The other type of nodules induced by the RtP20 mutant was small and round, with no distinguishable developmental zones. The rhizobia occupied only a limited number of plant cells and an accumulation of phenolic compounds in the plant cell walls was observed (Fig. 3m).

In the case of the RtO12 mutant, nodule appearance and morphology were similar to the wild-type nodules, but the pattern of their colonisation was different. In young nodules, bacterial colonisation was less efficient (Fig. 3n) and the younger zones were occupied in well developed nodules (Fig. 3o). Symptoms of plant defensive reactions (i.e. small groups of necrotic cells) were rarely observed (Fig. 3o).

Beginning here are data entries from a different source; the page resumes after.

Definition riley_lambda M y : F :=
  - M^-1 ^+ 18 * y ^+ 3 + 3 * M^-1 ^+ 16 * y ^+ 3 - 7 * M^-1 ^+ 16 * y ^+ 4
  + M^-1 ^+ 14 * y ^+ 2 - 8 * M^-1 ^+ 14 * y ^+ 3 + 16 * M^-1 ^+ 14 * y ^+ 4
  - 21 * M^-1 ^+ 14 * y ^+ 5 - 3 * M^-1 ^+ 12 * y ^+ 2
  + 18 * M^-1 ^+ 12 * y ^+ 3 - 41 * M^-1 ^+ 12 * y ^+ 4
  + 33 * M^-1 ^+ 12 * y ^+ 5 - 35 * M^-1 ^+ 12 * y ^+ 6
  + 2 * M^-1 ^+ 10 * y ^+ 2 - 24 * M^-1 ^+ 10 * y ^+ 3
  + 60 * M^-1 ^+ 10 * y ^+ 4 - 87 * M^-1 ^+ 10 * y ^+ 5
  + 30 * M^-1 ^+ 10 * y ^+ 6 - 35 * M^-1 ^+ 10 * y ^+ 7 + M^-1 ^+ 8 * y
  + M^-1 ^+ 8 * y ^+ 2 + 6 * M^-1 ^+ 8 * y ^+ 3 - 51 * M^-1 ^+ 8 * y ^+ 4
  + 70 * M^-1 ^+ 8 * y ^+ 5 - 100 * M^-1 ^+ 8 * y ^+ 6
  + 5 * M^-1 ^+ 8 * y ^+ 7 - 21 * M^-1 ^+ 8 * y ^+ 8 + M^-1 ^+ 6 * y
  - 12 * M^-1 ^+ 6 * y ^+ 2 + 30 * M^-1 ^+ 6 * y ^+ 3
  - 29 * M^-1 ^+ 6 * y ^+ 4 - 32 * M^-1 ^+ 6 * y ^+ 5 + 3 * M^-1 ^+ 6 * y ^+ 6
  - 70 * M^-1 ^+ 6 * y ^+ 7 - 12 * M^-1 ^+ 6 * y ^+ 8 - 7 * M^-1 ^+ 6 * y ^+ 9
  - 5 * M^-1 ^+ 4 * y + 32 * M^-1 ^+ 4 * y ^+ 2 - 96 * M^-1 ^+ 4 * y ^+ 3
  + 133 * M^-1 ^+ 4 * y ^+ 4 - 131 * M^-1 ^+ 4 * y ^+ 5
  + 8 * M^-1 ^+ 4 * y ^+ 6 - 62 * M^-1 ^+ 4 * y ^+ 7 - 33 * M^-1 ^+ 4 * y ^+ 8
  - 9 * M^-1 ^+ 4 * y ^+ 9 - M^-1 ^+ 4 * y ^+ 10 + 4 * M^-1 ^+ 2 * y
  - 42 * M^-1 ^+ 2 * y ^+ 2 + 133 * M^-1 ^+ 2 * y ^+ 3
  - 239 * M^-1 ^+ 2 * y ^+ 4 + 219 * M^-1 ^+ 2 * y ^+ 5
  - 197 * M^-1 ^+ 2 * y ^+ 6 + 2 * M^-1 ^+ 2 * y ^+ 7
  - 54 * M^-1 ^+ 2 * y ^+ 8 - 11 * M^-1 ^+ 2 * y ^+ 9
  - 2 * M^-1 ^+ 2 * y ^+ 10 + 1 - 7 * y + 33 * y ^+ 2 - 120 * y ^+ 3
  + 220 * y ^+ 4 - 274 * y ^+ 5 + 136 * y ^+ 6 - 143 * y ^+ 7 - 17 * y ^+ 8
  - 18 * y ^+ 9 - 2 * y ^+ 10 - M ^+ 2 * y - 6 * M ^+ 2 * y ^+ 2
  + 41 * M ^+ 2 * y ^+ 3 - 116 * M ^+ 2 * y ^+ 4 + 129 * M ^+ 2 * y ^+ 5
  - 154 * M ^+ 2 * y ^+ 6 - 4 * M ^+ 2 * y ^+ 7 - 52 * M ^+ 2 * y ^+ 8
  - 10 * M ^+ 2 * y ^+ 9 - 2 * M ^+ 2 * y ^+ 10 + 4 * M ^+ 4 * y
  - 23 * M ^+ 4 * y ^+ 2 + 44 * M ^+ 4 * y ^+ 3 - 49 * M ^+ 4 * y ^+ 4
  + 11 * M ^+ 4 * y ^+ 5 - 48 * M ^+ 4 * y ^+ 6 - 42 * M ^+ 4 * y ^+ 7
  - 32 * M ^+ 4 * y ^+ 8 - 8 * M ^+ 4 * y ^+ 9 - M ^+ 4 * y ^+ 10
  - 6 * M ^+ 6 * y + 37 * M ^+ 6 * y ^+ 2 - 101 * M ^+ 6 * y ^+ 3
  + 146 * M ^+ 6 * y ^+ 4 - 154 * M ^+ 6 * y ^+ 5 + 64 * M ^+ 6 * y ^+ 6
  - 80 * M ^+ 6 * y ^+ 7 - 6 * M ^+ 6 * y ^+ 8 - 7 * M ^+ 6 * y ^+ 9
  + 4 * M ^+ 8 * y - 32 * M ^+ 8 * y ^+ 2 + 97 * M ^+ 8 * y ^+ 3
  - 162 * M ^+ 8 * y ^+ 4 + 154 * M ^+ 8 * y ^+ 5 - 130 * M ^+ 8 * y ^+ 6
  + 20 * M ^+ 8 * y ^+ 7 - 21 * M ^+ 8 * y ^+ 8 - M ^+ 10 * y
  + 18 * M ^+ 10 * y ^+ 2 - 67 * M ^+ 10 * y ^+ 3 + 116 * M ^+ 10 * y ^+ 4
  - 122 * M ^+ 10 * y ^+ 5 + 50 * M ^+ 10 * y ^+ 6 - 35 * M ^+ 10 * y ^+ 7
  - 8 * M ^+ 12 * y ^+ 2 + 34 * M ^+ 12 * y ^+ 3 - 60 * M ^+ 12 * y ^+ 4
  + 48 * M ^+ 12 * y ^+ 5 - 35 * M ^+ 12 * y ^+ 6 + 2 * M ^+ 14 * y ^+ 2
  - 12 * M ^+ 14 * y ^+ 3 + 22 * M ^+ 14 * y ^+ 4 - 21 * M ^+ 14 * y ^+ 5
  + 4 * M ^+ 16 * y ^+ 3 - 7 * M ^+ 16 * y ^+ 4 - M ^+ 18 * y ^+ 3.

The RtP23 mutant (Fig. 3p,q) that produced most of its EPS in LMW form was able to colonise younger zones of the nodules and was capable of nitrogen fixation. This confirms the significant role of LMW EPS in establishing an effective symbiosis (Wang et al. 1999) and shows that even a significant decrease in HMW EPS does not deleteriously affect the symbiosis of R. leguminosarum bv. trifolii with clover. Interestingly, the EPS-overproducing RtAH1 mutant (which was more resistant to ionic detergents and ethanol and more sensitive to several antibiotics in comparison with the wild-type strain) induced infected nodules with bacteroids that were capable of nitrogen fixation (Fig. 3r). The alteration of PssT protein influenced the permeability of the outer and inner membranes but nevertheless did not affect the efficiency of symbiosis. We did not detect any plant defensive reactions in these nodules. In summary, these findings present evidence that the EPS amount and rate of polymerisation affect nodule colonisation and plant defence responses to a lesser extent than a deficiency in EPS accompanied by LPS alteration.